## Task details
There is one span to output from the data below: the lines starting at the line with "(f : hom X Y) (k" and ending at the line with "assert (Hd : f ∘ (j ∘ (a - b)) = 0).". Output it exactly, ends included, nothing more.

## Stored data
━━━
Lemma compDl {V X Y : C} (f g : hom X Y) (k : hom V X) : (f + g) ∘ k = f ∘ k + g ∘ k.
Proof. unfold add. rewrite <- comp_assoc, pair_comp. reflexivity. Qed.

Lemma add0m {X Y : C} (f : hom X Y) : 0 + f = f.
Proof. unfold add. rewrite pair_0m, comp_assoc, codiag_in2, comp_id_l. reflexivity. Qed.

Lemma addm0 {X Y : C} (f : hom X Y) : f + 0 = f.
Proof. unfold add. rewrite pair_m0, comp_assoc, codiag_in1, comp_id_l. reflexivity. Qed.

Lemma starD {X Y : C} (f g : hom X Y) : (f + g)† = f† + g†.
Proof.
  rewrite add_copairE. unfold add, copair. rewrite star_comp, !star_star. reflexivity.
Qed.

(* With the unit laws this yields commutativity and associativity (Eckmann-Hilton). *)
Lemma add_interchange {X Y : C} (a b c d : hom X Y) :
  (a + b) + (c + d) = (a + c) + (b + d).
Proof.
  assert (Hmatrix : pair (copair a b) (copair c d) = copair (pair a c) (pair b d)).
  { apply dsum_ext; apply dsum_coext; dsum_simpl; reflexivity. }
  rewrite (add_copairE a b), (add_copairE c d), (add_copairE (a + c)).
  unfold add at 1. rewrite <- pair_comp, Hmatrix, comp_assoc, comp_copair. reflexivity.
Qed.

Lemma addmC {X Y : C} (a b : hom X Y) : a + b = b + a.
Proof.
  pose proof (add_interchange 0 a b 0) as H.
  rewrite !add0m, !addm0 in H. exact H.
Qed.

Lemma addmA {X Y : C} (a b c : hom X Y) : a + b + c = a + (b + c).
Proof.
  pose proof (add_interchange a b 0 c) as H.
  rewrite !add0m, !addm0 in H. exact H.
Qed.

Lemma pair_add {W X1 X2 : C} (a : hom W X1) (b : hom W X2) : pair a b = in1 ∘ a + in2 ∘ b.
Proof.
  apply dsum_ext; rewrite !compDr; dsum_simpl; rewrite ?add0m, ?addm0; reflexivity.
Qed.

Lemma copair_pair {V W X1 X2 : C} (a : hom X1 V) (b : hom X2 V) (c : hom W X1) (d : hom W X2) :
  copair a b ∘ pair c d = a ∘ c + b ∘ d.
Proof. rewrite pair_add, compDr. dsum_simpl. reflexivity. Qed.

(** * Additive inverses *)

Lemma codiag_kernel_orth {K W X : C} (k : hom K (X ⊕ X)) (t : hom W (X ⊕ X)) :
  is_kernel (diag X)† k -> k† ∘ t = 0 -> in1† ∘ t = in2† ∘ t.
Proof.
  intros Hk Ht.
  destruct HC as [_ [_ [_ R4]]].
  destruct (R4 X (X ⊕ X) in1 in1† in2 in2† (conj (dsum_spec X X) (conj eq_refl eq_refl))
              (diag X) (pairK1 1 1) (pairK2 1 1)) as [Z [q Hq]].
  destruct (kernel_factor t Hq (ker_perp_orth t Hq Hk Ht)) as [z ->].
  unfold diag. dsum_simpl. reflexivity.
Qed.

(* With k = ⟨u, w⟩ an isometric kernel of the codiagonal, u + w = 0 and
   u†u + w†w = 1.  The morphism ⟨1 + w u†, u u†⟩ is orthogonal to k, hence factors
   through the diagonal: 1 + w u† = u u†, so w u† + w u† is a negative of 1. *)
Lemma exists_oppid (X : C) : exists n : hom X X, 1 + n = 0.
Proof.
  destruct (exists_isometric_kernel (diag X)†) as [K [k [Hk Hki]]].
  set (u := in1† ∘ k). set (w := in2† ∘ k).
  assert (Hk_pair : k = pair u w) by apply pair_eta.
  assert (Hk_star : k† = copair u† w†) by (rewrite Hk_pair at 1; apply star_pair).
  assert (Huw : u + w = 0).
  { unfold add. rewrite <- Hk_pair. exact (kernel_comp0 Hk). }
  assert (Hgram : u† ∘ u + w† ∘ w = 1).
  { rewrite <- copair_pair, <- Hk_star, <- Hk_pair. exact Hki. }
  assert (Hcross : 1 + u† ∘ w + w† ∘ u = 0).
  { rewrite <- Hgram, addmA, add_interchange, <- !compDr, (addmC w u), Huw,
      !compm0, add0m.
    reflexivity. }
  set (t := pair (1 + w ∘ u†) (u ∘ u†)).
  assert (Ht : k† ∘ t = 0).
  { unfold t. rewrite Hk_star, copair_pair, !compDr, !comp_assoc, comp_id_r,
      <- (comp_id_l _ _ _ u†) at 1.
    rewrite <- !compDl, Hcross, comp0m. reflexivity. }
  pose proof (codiag_kernel_orth k t Hk Ht) as Hcomp.
  unfold t in Hcomp. rewrite pairK1, pairK2 in Hcomp.
  exists (w ∘ u† + w ∘ u†).
  rewrite <- addmA, Hcomp, <- compDl, Huw, comp0m. reflexivity.
Qed.

Definition oppid (X : C) : hom X X :=
  proj1_sig (constructive_indefinite_description _ (exists_oppid X)).
Definition opp {X Y : C} (f : hom X Y) : hom X Y := oppid Y ∘ f.
Notation "- f" := (opp f) : hom_scope.
Notation "f - g" := (add f (opp g)) : hom_scope.

Lemma add_oppid (X : C) : 1 + oppid X = 0.
Proof. exact (proj2_sig (constructive_indefinite_description _ (exists_oppid X))). Qed.

Lemma addmN {X Y : C} (f : hom X Y) : f - f = 0.
Proof.
  unfold opp. rewrite <- (comp_id_l _ _ _ f) at 1.
  rewrite <- compDl, add_oppid, comp0m. reflexivity.
Qed.

Lemma addNm {X Y : C} (f : hom X Y) : - f + f = 0.
Proof. rewrite addmC. apply addmN. Qed.

Lemma addIm {X Y : C} (a b c : hom X Y) : a + c = b + c -> a = b.
Proof.
  intros E. rewrite <- (addm0 a), <- (addm0 b), <- (addmN c), <- !addmA, E. reflexivity.
Qed.

Lemma subm0_eq {X Y : C} (a b : hom X Y) : a - b = 0 -> a = b.
Proof. intros E. apply (addIm _ _ (- b)). rewrite E, addmN. reflexivity. Qed.

Lemma oppm_unique {X Y : C} (a b : hom X Y) : a + b = 0 -> b = - a.
Proof. intros E. apply (addIm _ _ a). rewrite addmC, E, addNm. reflexivity. Qed.

Lemma compNr {X Y Z : C} (f : hom X Y) (g : hom Y Z) : g ∘ - f = - (g ∘ f).
Proof. apply oppm_unique. rewrite <- compDr, addmN, compm0. reflexivity. Qed.

Lemma compNl {V X Y : C} (f : hom X Y) (k : hom V X) : (- f) ∘ k = - (f ∘ k).
Proof. unfold opp. rewrite comp_assoc. reflexivity. Qed.

Lemma starN {X Y : C} (f : hom X Y) : (- f)† = - f†.
Proof. apply oppm_unique. rewrite <- starD, addmN, star0. reflexivity. Qed.

Lemma oppm0 {X Y : C} : - zero X Y = 0.
Proof. apply compm0. Qed.

Lemma subm_swap {X Y : C} (a b c : hom X Y) : a - b = c -> b = a - c.
Proof.
  intros <-. apply (addIm _ _ (a - b)).
  rewrite (addmA a (- (a - b))), addNm, addm0, (addmC a), <- addmA, addmN, add0m.
  reflexivity.
Qed.

(** * Ranges and orthogonal complements *)

Lemma exists_range {A X : C} (f : hom A X) : exists M (m : hom M X), is_range f m.
Proof.
  destruct (exists_isometric_kernel f) as [I [i [Hi Hii]]].
  destruct (exists_isometric_kernel i†) as [J [j [Hj Hji]]].
  exists J, (f ∘ j). split; [| split].
  - intros W a b Eab. apply subm0_eq, (isometry_comp_eq0 _ Hji).
    assert (Hd : f ∘ (j ∘ (a - b)) = 0).
    { rewrite !compDr, !compNr, !comp_assoc, Eab. apply addmN. }
    destruct (kernel_factor _ Hi Hd) as [v Hv].
    assert (Hv0 : v = 0).
    { rewrite <- (comp_id_l _ _ _ v), <- Hii, <- comp_assoc, <- Hv, comp_assoc,
        (kernel_comp0 Hj), comp0m.
      reflexivity. }
    rewrite Hv, Hv0, compm0. reflexivity.
  - exists j†. rewrite <- comp_assoc. apply subm0_eq.
    rewrite <- (comp_id_r _ _ _ f) at 1. rewrite <- compNr, <- compDr.
    apply (ker_perp_orth _ Hi Hj).
    rewrite compDr, compNr, comp_assoc, Hji, comp_id_l, comp_id_r. apply addmN.
  - intros N n _ [v ->]. exists (v ∘ j). symmetry. apply comp_assoc.
Qed.

Lemma perp_antimono {M M' P P' X : C} {m : hom M X} {m' : hom M' X}
  {p : hom P X} {p' : hom P' X} :
  sub_le m m' -> is_perp m p -> is_perp m' p' -> sub_le p' p.
Proof.
  intros [u Hu] Hp Hp'. apply (kernel_factor p' Hp).
  rewrite Hu, star_comp, <- comp_assoc, (kernel_comp0 Hp'), compm0. reflexivity.
Qed.

Lemma range_orthE {A M W X : C} {h : hom A X} {m : hom M X} (t : hom W X) :
  is_range h m -> (m† ∘ t = 0 <-> h† ∘ t = 0).
Proof.
  intros [_ [[u Hu] Hmin]]. split; intros Ht.
  - rewrite Hu, star_comp, <- comp_assoc, Ht, compm0. reflexivity.
  - destruct (exists_isometric_kernel t†) as [N [n [Hn Hni]]].
    assert (Hhn : sub_le h n).
    { apply (kernel_factor h Hn), star_eq0. rewrite star_comp, star_star. exact Ht. }
    destruct (Hmin N n (isometry_monic Hni) Hhn) as [w ->].
    apply star_eq0.
    rewrite !star_comp, star_star, comp_assoc, (kernel_comp0 Hn), comp0m. reflexivity.
Qed.

Lemma kernel_star_perp_range {A M P P' X : C} {f : hom A X} {m : hom M X}
  {p : hom P X} {p' : hom P' X} :
  is_kernel f† p -> is_range f m -> is_perp m p' -> sub_eq p p'.
Proof.
  intros Hp Hm Hp'. split.
  - apply (kernel_factor p Hp'), (range_orthE p Hm). exact (kernel_comp0 Hp).
  - apply (kernel_factor p' Hp), (range_orthE p' Hm). exact (kernel_comp0 Hp').
Qed.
━━━
## Result of the exercise
Lemma compNl {V X Y : C} (f : hom X Y) (k : hom V X) : (- f) ∘ k = - (f ∘ k).
Proof. unfold opp. rewrite comp_assoc. reflexivity. Qed.

Lemma starN {X Y : C} (f : hom X Y) : (- f)† = - f†.
Proof. apply oppm_unique. rewrite <- starD, addmN, star0. reflexivity. Qed.

Lemma oppm0 {X Y : C} : - zero X Y = 0.
Proof. apply compm0. Qed.

Lemma subm_swap {X Y : C} (a b c : hom X Y) : a - b = c -> b = a - c.
Proof.
  intros <-. apply (addIm _ _ (a - b)).
  rewrite (addmA a (- (a - b))), addNm, addm0, (addmC a), <- addmA, addmN, add0m.
  reflexivity.
Qed.

(** * Ranges and orthogonal complements *)

Lemma exists_range {A X : C} (f : hom A X) : exists M (m : hom M X), is_range f m.
Proof.
  destruct (exists_isometric_kernel f) as [I [i [Hi Hii]]].
  destruct (exists_isometric_kernel i†) as [J [j [Hj Hji]]].
  exists J, (f ∘ j). split; [| split].
  - intros W a b Eab. apply subm0_eq, (isometry_comp_eq0 _ Hji).
    assert (Hd : f ∘ (j ∘ (a - b)) = 0).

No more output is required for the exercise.